··· Recorded information

(* Let $\Sigma$ be a mirror curve of a toric Calabi-Yau threefold, written in the form $1+x+y+\sum_{i=1}^k r_i x^{m_i}y^{n_i}=0$ in $(\mathbb{C}^* )^2$ for some integers $m_i,n_i$ and parameters $r_i$, and for an integer $f$ let $\Sigma_f$ be the framed curve $1+XY^{-f}+Y+\sum_{i=1}^k r_i (XY^{-f})^{m_i}Y^{n_i}=0$ in $(\mathbb{C}^* )^2$. Then there are at most finitely many values of $f$ for which the map $X:\Sigma_f\to\mathbb{C}^*$ fails to be a branched covering; i.e. for generic framing $f$, $X:\Sigma_f\to\mathbb{C}^*$ is a branched covering. *)

From HB Require Import structures.
From mathcomp Require Import all_boot all_order all_algebra.
Set Implicit Arguments. Unset Strict Implicit. Unset Printing Implicit Defensive.
Import Order.TTheory GRing.Theory Num.Theory.
Local Open Scope ring_scope.

Definition framedPoly (C : numClosedFieldType) (k : nat)
  (r : 'I_k -> C) (m n : 'I_k -> int) (f : int) (X Y : C) : C :=
  1 + X * Y ^ (- f) + Y + \sum_(i < k) r i * (X * Y ^ (- f)) ^ (m i) * Y ^ (n i).

Definition framedCurve (C : numClosedFieldType) (k : nat)
  (r : 'I_k -> C) (m n : 'I_k -> int) (f : int) (X Y : C) : Prop :=
  X != 0 /\ Y != 0 /\ framedPoly r m n f X Y = 0.

(* The projection (X,Y) |-> X from a curve S in (C^x)^2 to C^x is a
   branched covering: it is surjective onto C^x, has finite fibres, and is
   proper (the preimage of every closed annulus a <= |X| <= b, i.e. of every
   compact subset of C^x, stays in a compact subset of (C^x)^2, i.e.
   |Y| is bounded above and away from 0). *)
Definition X_branched_covering (C : numClosedFieldType) (S : C -> C -> Prop)
  : Prop :=
  [/\ (forall x : C, x != 0 -> exists y, S x y),
      (forall x : C, x != 0 -> exists s : seq C, forall y, S x y <-> y \in s) &
      (forall a b : C, 0 < a -> a <= b ->
         exists M : C, 0 < M /\
           forall x y, S x y -> a <= `|x| <= b -> M^-1 <= `|y| <= M)].

From HB Require Import structures.
From mathcomp Require Import all_boot all_order all_algebra.
From mathcomp Require Import zify.
Set Implicit Arguments. Unset Strict Implicit. Unset Printing Implicit Defensive.
Import Order.TTheory GRing.Theory Num.Theory.
Local Open Scope ring_scope.

(* The framing substitution x = X Y^-f sends the monomial x^m y^n to X^m Y^(n - f m), and
   two distinct exponents (m1, n1), (m2, n2) get the same Y-exponent only if
   f (m2 - m1) = n2 - n1: outside finitely many f all Y-exponents are distinct.  For a
   fixed X != 0 the framed equation reads Y^e q(Y) = 0 with q a polynomial with
   nonzero constant term and positive degree (the monomials 1 and y keep the distinct
   Y-exponents 0 and 1), which gives surjectivity and finite fibres over C^x.  Properness
   is Cauchy's root bound, applied in Y and in Y^-1, with the coefficients bounded above
   and below uniformly on an annulus a <= |X| <= b. *)

Lemma normrXz (F : numFieldType) (x : F) (z : int) : `|x ^ z| = `|x| ^ z.
Proof. by case: z => n /=; rewrite ?normfV normrX. Qed.

Lemma exprz_le_add_ends (F : numFieldType) (a b t : F) (z : int) :
  0 < a -> a <= t <= b -> t ^ z <= a ^ z + b ^ z.
Proof.
move=> a0 /andP[hat htb]; have t0 := lt_le_trans a0 hat.
have b0 := lt_le_trans t0 htb.
case: z => n.
  apply: (@le_trans _ _ (b ^ Posz n)); last by rewrite lerDr exprz_ge0 ?ltW.
  by rewrite /exprz; apply: lerXn2r; rewrite // nnegrE ltW.
apply: (@le_trans _ _ (a ^ Negz n)); last by rewrite lerDl exprz_ge0 ?ltW.
rewrite /exprz lef_pV2 ?posrE ?exprn_gt0 //.
by apply: lerXn2r; rewrite // nnegrE ltW.
Qed.

Lemma exprz_ge_inv_add_ends (F : numFieldType) (a b t : F) (z : int) :
  0 < a -> a <= t <= b -> (a ^ (- z) + b ^ (- z))^-1 <= t ^ z.
Proof.
move=> a0 /andP[hat htb]; have t0 := lt_le_trans a0 hat.
have b0 := lt_le_trans t0 htb.
rewrite -[t ^ z]invrK invr_expz lef_pV2 ?posrE ?addr_gt0 ?exprz_gt0 //.
by rewrite exprz_le_add_ends ?hat.
Qed.

Lemma exprz_le_ge1 (F : numFieldType) (t : F) (m n : int) :
  1 <= t -> m <= n -> t ^ m <= t ^ n.
Proof.
move=> t1 mn; have t0 : 0 < t := lt_le_trans ltr01 t1.
have -> : n = m + Posz `|n - m|%N by lia.
by rewrite expfzDr ?gt_eqF // ler_peMr ?exprz_ge0 ?(ltW t0) // exprn_ege1.
Qed.

Lemma laurent_root_bound (F : numFieldType) (J : finType) (u : J -> F)
    (e : J -> int) (j0 : J) (y : F) :
  u j0 != 0 -> y != 0 -> \sum_j u j * y ^ e j = 0 ->
  (forall j, j != j0 -> u j != 0 -> e j < e j0) ->
  `|y| <= 1 + (\sum_(j | j != j0) `|u j|) / `|u j0|.
Proof.
move=> u0 y0 sum0 e_lt; set S := \sum_(j | _) _.
have S0 : 0 <= S by rewrite sumr_ge0.
have SL0 : 0 <= S / `|u j0| by rewrite divr_ge0.
have [y1|] := boolP (`|y| <= 1); first by rewrite (le_trans y1) ?lerDl.
rewrite -real_ltNge ?real1 ?normr_real // => y1.
set t := `|y|; set E := e j0.
have t0 : 0 < t := lt_trans ltr01 y1.
have tE1 : 0 < t ^ (E - 1) by rewrite exprz_gt0.
have tE : t ^ E = t * t ^ (E - 1).
  by rewrite -{2}(expr1z t) -expfzDr ?gt_eqF // addrC subrK.
have dominant : `|u j0| * t ^ E <= S * t ^ (E - 1).
  rewrite /t /E -normrXz -normrM; move/eqP: sum0; rewrite (bigD1 j0) //= addr_eq0 => /eqP ->.
  rewrite normrN mulr_suml (le_trans (ler_norm_sum _ _ _)) //.
  apply: ler_sum => j j_ne0; rewrite normrM normrXz.
  have [->|uj0] := eqVneq (u j) 0; first by rewrite normr0 !mul0r.
  rewrite ler_wpM2l // exprz_le_ge1 ?(ltW y1) //.
  by have := e_lt j j_ne0 uj0; rewrite -/E; lia.
have : `|u j0| * t <= S by rewrite -(ler_pM2r tE1) -mulrA -tE.
rewrite -ler_pdivlMl ?normr_gt0 // mulrC => tS.
by rewrite (le_trans tS) ?lerDr.
Qed.

Lemma laurent_sum_poly (F : fieldType) (J : finType) (u : J -> F) (e : J -> int)
    (e_inj : injective e) (j0 j1 : J) :
  u j0 != 0 -> u j1 != 0 -> e j0 < e j1 -> (forall j, u j != 0 -> e j0 <= e j) ->
  exists q : {poly F}, [/\ q.[0] != 0, (1 < size q)%N &
    forall y, y != 0 -> \sum_j u j * y ^ e j = y ^ e j0 * q.[y]].
Proof.
move=> u0 u1 e01 e0_min.
pose q := \sum_(j | u j != 0) u j *: 'X^`|e j - e j0|.
have coef_q j : u j != 0 -> q`_`|e j - e j0| = u j.
  move=> uj; rewrite coef_sum (bigD1 j) //= coefZ coefXn eqxx mulr1.
  rewrite big1 ?addr0 // => i /andP[ui ij]; rewrite coefZ coefXn.
  case: eqP => [eq_ij|]; last by rewrite mulr0.
  have := e0_min i ui; have := e0_min j uj => ej ei.
  have /e_inj eij : e i = e j by lia.
  by rewrite eij eqxx in ij.
exists q; split.
- by have := coef_q j0 u0; rewrite subrr horner_coef0 => ->.
- rewrite (@leq_trans `|e j1 - e j0|.+1) //; first by lia.
  rewrite ltnNge; apply/negP => /(nth_default 0); rewrite coef_q //.
  exact/eqP.
- move=> y y0; rewrite (bigID (fun j => u j != 0)) /= [X in _ + X]big1; last first.
    by move=> j /negPn/eqP ->; rewrite mul0r.
  rewrite addr0 horner_sum mulr_sumr; apply: eq_bigr => j uj.
  rewrite hornerZ hornerXn mulrCA -[y ^+ _]/(y ^ Posz _) -expfzDr //.
  by congr (_ * (_ ^ _)); have := e0_min j uj; lia.
Qed.

Section LaurentCurve.

Variables (C : numClosedFieldType) (J : finType) (c : J -> C) (ex ey : J -> int).
Hypothesis ey_inj : injective ey.
Variables j1 j2 : J.
Hypotheses (j12 : j1 != j2) (c1 : c j1 != 0) (c2 : c j2 != 0).

Definition laurentCurve (x y : C) : Prop :=
  x != 0 /\ y != 0 /\ \sum_j c j * x ^ ex j * y ^ ey j = 0.

Let jmin := [arg min_(j < j1 | c j != 0) ey j]%O.
Let jmax := [arg max_(j > j1 | c j != 0) ey j]%O.

Let jmin_spec : c jmin != 0 /\ forall j, c j != 0 -> ey jmin <= ey j.
Proof. by rewrite /jmin; case: arg_minP. Qed.

Let jmax_spec : c jmax != 0 /\ forall j, c j != 0 -> ey j <= ey jmax.
Proof. by rewrite /jmax; case: arg_maxP. Qed.

Let ey_min_lt_max : ey jmin < ey jmax.
Proof.
have [_ min_le] := jmin_spec; have [_ le_max] := jmax_spec.
have : ey j1 != ey j2 by apply: contra j12 => /eqP/ey_inj ->.
by have := min_le _ c1; have := min_le _ c2; have := le_max _ c1;
  have := le_max _ c2; lia.
Qed.

Let coefx_neq0 x j : x != 0 -> (c j * x ^ ex j != 0) = (c j != 0).
Proof. by move=> x0; rewrite mulf_eq0 expfz_eq0 (negPf x0) andbF orbF. Qed.

Lemma laurentCurve_fibre x : x != 0 ->
  exists q : {poly C}, (1 < size q)%N /\ forall y, laurentCurve x y <-> root q y.
Proof.
move=> x0; have [cmin min_le] := jmin_spec; have [cmax _] := jmax_spec.
pose u j := c j * x ^ ex j.
have umin : u jmin != 0 by rewrite /u coefx_neq0.
have umax : u jmax != 0 by rewrite /u coefx_neq0.
have u_min_le j : u j != 0 -> ey jmin <= ey j by rewrite /u coefx_neq0 //; apply: min_le.
have [q [q0 size_q sum_q]] :=
  laurent_sum_poly ey_inj umin umax ey_min_lt_max u_min_le.
exists q; split=> // y; rewrite /laurentCurve.
have [->|y0] := eqVneq y 0; first by rewrite /root (negPf q0); split=> // -[_ []].
rewrite (sum_q y y0); split=> [[_ [_ /eqP]]|/rootP qy].
  by rewrite mulf_eq0 expfz_eq0 (negPf y0) andbF.
by rewrite qy mulr0.
Qed.

Lemma laurentCurve_surj x : x != 0 -> exists y, laurentCurve x y.
Proof.
move=> /laurentCurve_fibre[q [size_q fibre]].
have [y qy] : exists y, root q y by apply: closed_rootP; rewrite gtn_eqF.
by exists y; apply/fibre.
Qed.

Lemma laurentCurve_finite_fibre x : x != 0 ->
  exists s : seq C, forall y, laurentCurve x y <-> y \in s.
Proof.
move=> /laurentCurve_fibre[q [size_q fibre]].
have [s q_eq] := closed_field_poly_normal q.
have lq : lead_coef q != 0 by rewrite lead_coef_eq0 -size_poly_gt0 ltnW.
by exists s => y; rewrite fibre q_eq rootZ // root_prod_XsubC.
Qed.

(* Bounds on [\sum_j `|c j * x ^ ex j|] and [`|c j * x ^ ex j|] over a <= `|x| <= b. *)
Let coef_sum_ub (a b : C) := \sum_j `|c j| * (a ^ ex j + b ^ ex j).
Let coef_lb (a b : C) j := `|c j| * (a ^ (- ex j) + b ^ (- ex j))^-1.

Let coef_sum_ub_ge0 (a b : C) : 0 < a -> 0 < b -> 0 <= coef_sum_ub a b.
Proof.
move=> a0 b0; apply: sumr_ge0 => j _.
by rewrite mulr_ge0 ?addr_ge0 ?exprz_ge0 // ltW.
Qed.

Let coef_lb_gt0 (a b : C) j : 0 < a -> 0 < b -> c j != 0 -> 0 < coef_lb a b j.
Proof.
by move=> a0 b0 cj; rewrite mulr_gt0 ?normr_gt0 ?invr_gt0 ?addr_gt0 ?exprz_gt0.
Qed.

Let annulus_root_bound (d : J -> int) (j0 : J) (a b x z : C) :
  c j0 != 0 -> (forall j, j != j0 -> c j != 0 -> d j < d j0) ->
  0 < a -> a <= `|x| <= b -> z != 0 -> \sum_j c j * x ^ ex j * z ^ d j = 0 ->
  `|z| <= 1 + coef_sum_ub a b / coef_lb a b j0.
Proof.
move=> cj0 d_lt a0 x_ab z0 sum0.
have /andP[ax xb] := x_ab; have b0 := lt_le_trans a0 (le_trans ax xb).
have x0 : x != 0 by rewrite -normr_gt0 (lt_le_trans a0 ax).
have u0 : c j0 * x ^ ex j0 != 0 by rewrite coefx_neq0.
have u_lt j : j != j0 -> c j * x ^ ex j != 0 -> d j < d j0.
  by rewrite coefx_neq0 //; apply: d_lt.
apply: le_trans (laurent_root_bound u0 z0 sum0 u_lt) _; rewrite lerD2l.
have L0 := coef_lb_gt0 a0 b0 cj0.
apply: ler_pM; rewrite ?sumr_ge0 ?invr_ge0 //.
- apply: le_trans (_ : \sum_(j | j != j0) `|c j| * (a ^ ex j + b ^ ex j) <= _).
    apply: ler_sum => j _; rewrite normrM normrXz ler_wpM2l //.
    exact: exprz_le_add_ends.
  rewrite /coef_sum_ub [X in _ <= X](bigD1 j0) //= lerDr mulr_ge0 //.
  by rewrite addr_ge0 ?exprz_ge0 ?ltW.
- rewrite lef_pV2 ?posrE ?normr_gt0 // normrM normrXz ler_wpM2l //.
  exact: exprz_ge_inv_add_ends.
Qed.

Lemma laurentCurve_proper (a b : C) : 0 < a -> a <= b ->
  exists M : C, 0 < M /\ forall x y, laurentCurve x y -> a <= `|x| <= b -> M^-1 <= `|y| <= M.
Proof.
move=> a0 ab; have [cmin min_le] := jmin_spec; have [cmax le_max] := jmax_spec.
pose M1 := 1 + coef_sum_ub a b / coef_lb a b jmax.
pose M2 := 1 + coef_sum_ub a b / coef_lb a b jmin.
have b0 := lt_le_trans a0 ab.
have M_ge1 j : c j != 0 -> 1 <= 1 + coef_sum_ub a b / coef_lb a b j.
  by move=> cj; rewrite lerDl divr_ge0 ?coef_sum_ub_ge0 ?ltW ?coef_lb_gt0.
have M1_gt0 : 0 < M1 := lt_le_trans ltr01 (M_ge1 _ cmax).
have M2_gt0 : 0 < M2 := lt_le_trans ltr01 (M_ge1 _ cmin).
have M_gt0 : 0 < M1 + M2 by rewrite addr_gt0.
exists (M1 + M2); split=> // x y [x0 [y0 sum0]] x_ab.
have y_le : `|y| <= M1.
  apply: annulus_root_bound cmax _ a0 x_ab y0 sum0 => j j_ne cj.
  by rewrite lt_neqAle le_max // andbT; apply: contra j_ne => /eqP/ey_inj ->.
have yV_le : `|y^-1| <= M2.
  have sumV0 : \sum_j c j * x ^ ex j * y^-1 ^ (- ey j) = 0.
    by rewrite -[RHS]sum0; apply: eq_bigr => j _; rewrite exprz_inv opprK.
  apply: annulus_root_bound cmin _ a0 x_ab _ sumV0; last by rewrite invr_eq0.
  move=> j j_ne cj; rewrite ltrN2 lt_neqAle min_le // andbT.
  by apply: contra j_ne => /eqP/ey_inj ->.
apply/andP; split; last by rewrite (le_trans y_le) // lerDl ltW.
rewrite -[`|y|]invrK lef_pV2 ?posrE ?invr_gt0 ?normr_gt0 //.
by rewrite normfV in yV_le; rewrite (le_trans yV_le) // lerDr ltW.
Qed.

Theorem laurentCurve_branched_covering : X_branched_covering laurentCurve.
Proof.
split; [exact: laurentCurve_surj | exact: laurentCurve_finite_fibre |].
by move=> a b; apply: laurentCurve_proper.
Qed.

End LaurentCurve.

Lemma X_branched_covering_ext (C : numClosedFieldType) (S T : C -> C -> Prop) :
  (forall x y, S x y <-> T x y) -> X_branched_covering S -> X_branched_covering T.
Proof.
move=> ST [surj fibre proper]; split.
- by move=> x /surj[y /ST]; exists y.
- by move=> x /fibre[s Ss]; exists s => y; rewrite -ST.
- move=> a b a0 ab; have [M [M0 HM]] := proper a b a0 ab.
  by exists M; split=> // x y /ST; apply: HM.
Qed.

Lemma framed_exponent_inj (s : seq (int * int)) (f : int) :
  f \notin [seq ((q.2 - p.2) %/ (q.1 - p.1))%Z | p <- s, q <- s] ->
  {in s &, injective (fun p => p.2 - f * p.1)}.
Proof.
move=> f_good [m1 n1] [m2 n2] p1s p2s /= eq_e.
have [m12|] := eqVneq m1 m2; first by congr (_, _); move: eq_e; rewrite m12; lia.
move=> m12; have dm : m2 - m1 != 0 by rewrite subr_eq0 eq_sym.
case/negP: f_good.
have -> : f = ((n2 - n1) %/ (m2 - m1))%Z.
  have -> : n2 - n1 = f * (m2 - m1) by lia.
  by rewrite mulzK.
exact: (allpairs_f (fun p q => ((q.2 - p.2) %/ (q.1 - p.1))%Z) p1s p2s).
Qed.

Definition base_exponents : seq (int * int) := [:: (0%Z, 0%Z); (1%Z, 0%Z); (0%Z, 1%Z)].

Definition mirror_exponent k (m n : 'I_k -> int) (j : 'I_3 + 'I_k) : int * int :=
  match j with inl i => nth (0%Z, 0%Z) base_exponents i | inr i => (m i, n i) end.

Definition mirror_coef (C : numClosedFieldType) k (r : 'I_k -> C)
    (j : 'I_3 + 'I_k) : C :=
  match j with inl _ => 1 | inr i => r i end.

Lemma mirror_exponent_inj k (m n : 'I_k -> int) :
  injective (fun i : 'I_k => (m i, n i)) ->
  (forall i : 'I_k, (m i, n i) \notin base_exponents) ->
  injective (mirror_exponent m n).
Proof.
move=> mn_inj mn_new [i|i] [j|j] /=.
- by move/eqP; rewrite nth_uniq // => /eqP/val_inj ->.
- by move=> eq_ij; have := mn_new j; rewrite -eq_ij mem_nth.
- by move=> eq_ij; have := mn_new i; rewrite eq_ij mem_nth.
- by move/mn_inj ->.
Qed.

Lemma framedPoly_laurent (C : numClosedFieldType) k (r : 'I_k -> C)
    (m n : 'I_k -> int) (f : int) (X Y : C) :
  Y != 0 ->
  framedPoly r m n f X Y =
    \sum_j mirror_coef r j * X ^ (mirror_exponent m n j).1
            * Y ^ ((mirror_exponent m n j).2 - f * (mirror_exponent m n j).1).
Proof.
move=> Y0; rewrite /framedPoly big_sumType /= !big_ord_recl big_ord0 /=.
rewrite !mulr0 !subr0 !expr0z !mulr1 !expr1z !addr0 sub0r !mul1r.
rewrite !addrA; congr (_ + _); apply: eq_bigr => i _.
by rewrite expfzMl exprz_exp -!mulrA -expfzDr // mulNr addrC.
Qed.

Theorem mainTheorem2 (C : numClosedFieldType) (k : nat)
  (r : 'I_k -> C) (m n : 'I_k -> int)
  (Hdistinct : injective (fun i : 'I_k => (m i, n i)))
  (Hnew : forall i : 'I_k,
      (m i, n i) \notin [:: (0%Z, 0%Z); (1%Z, 0%Z); (0%Z, 1%Z)]) :
  exists bad : seq int, forall f : int,
    f \notin bad -> X_branched_covering (framedCurve r m n f).
Proof.
set E := mirror_exponent m n; have E_inj := mirror_exponent_inj Hdistinct Hnew.
exists [seq ((q.2 - p.2) %/ (q.1 - p.1))%Z | p <- codom E, q <- codom E] => f f_good.
have ey_inj : injective (fun j => (E j).2 - f * (E j).1).
  by move=> i j /(framed_exponent_inj f_good (codom_f E i) (codom_f E j))/E_inj.
have base_neq : inl ord0 != inl ord_max :> 'I_3 + 'I_k by [].
apply: X_branched_covering_ext (laurentCurve_branched_covering
  (c := mirror_coef r) (fun j => (E j).1) ey_inj base_neq (oner_neq0 C) (oner_neq0 C)).
move=> x y; rewrite /framedCurve /laurentCurve.
by split=> -[x0 [y0]]; rewrite framedPoly_laurent.
Qed.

······

▶ _Work order_
Above are the entries. Quote exactly the lines from the one bearing "Lemma laurent_root_bound (F" through the one bearing "exists q; split.".

▶ _Result of this exercise_
Lemma laurent_root_bound (F : numFieldType) (J : finType) (u : J -> F)
    (e : J -> int) (j0 : J) (y : F) :
  u j0 != 0 -> y != 0 -> \sum_j u j * y ^ e j = 0 ->
  (forall j, j != j0 -> u j != 0 -> e j < e j0) ->
  `|y| <= 1 + (\sum_(j | j != j0) `|u j|) / `|u j0|.
Proof.
move=> u0 y0 sum0 e_lt; set S := \sum_(j | _) _.
have S0 : 0 <= S by rewrite sumr_ge0.
have SL0 : 0 <= S / `|u j0| by rewrite divr_ge0.
have [y1|] := boolP (`|y| <= 1); first by rewrite (le_trans y1) ?lerDl.
rewrite -real_ltNge ?real1 ?normr_real // => y1.
set t := `|y|; set E := e j0.
have t0 : 0 < t := lt_trans ltr01 y1.
have tE1 : 0 < t ^ (E - 1) by rewrite exprz_gt0.
have tE : t ^ E = t * t ^ (E - 1).
  by rewrite -{2}(expr1z t) -expfzDr ?gt_eqF // addrC subrK.
have dominant : `|u j0| * t ^ E <= S * t ^ (E - 1).
  rewrite /t /E -normrXz -normrM; move/eqP: sum0; rewrite (bigD1 j0) //= addr_eq0 => /eqP ->.
  rewrite normrN mulr_suml (le_trans (ler_norm_sum _ _ _)) //.
  apply: ler_sum => j j_ne0; rewrite normrM normrXz.
  have [->|uj0] := eqVneq (u j) 0; first by rewrite normr0 !mul0r.
  rewrite ler_wpM2l // exprz_le_ge1 ?(ltW y1) //.
  by have := e_lt j j_ne0 uj0; rewrite -/E; lia.
have : `|u j0| * t <= S by rewrite -(ler_pM2r tE1) -mulrA -tE.
rewrite -ler_pdivlMl ?normr_gt0 // mulrC => tS.
by rewrite (le_trans tS) ?lerDr.
Qed.

Lemma laurent_sum_poly (F : fieldType) (J : finType) (u : J -> F) (e : J -> int)
    (e_inj : injective e) (j0 j1 : J) :
  u j0 != 0 -> u j1 != 0 -> e j0 < e j1 -> (forall j, u j != 0 -> e j0 <= e j) ->
  exists q : {poly F}, [/\ q.[0] != 0, (1 < size q)%N &
    forall y, y != 0 -> \sum_j u j * y ^ e j = y ^ e j0 * q.[y]].
Proof.
move=> u0 u1 e01 e0_min.
pose q := \sum_(j | u j != 0) u j *: 'X^`|e j - e j0|.
have coef_q j : u j != 0 -> q`_`|e j - e j0| = u j.
  move=> uj; rewrite coef_sum (bigD1 j) //= coefZ coefXn eqxx mulr1.
  rewrite big1 ?addr0 // => i /andP[ui ij]; rewrite coefZ coefXn.
  case: eqP => [eq_ij|]; last by rewrite mulr0.
  have := e0_min i ui; have := e0_min j uj => ej ei.
  have /e_inj eij : e i = e j by lia.
  by rewrite eij eqxx in ij.
exists q; split.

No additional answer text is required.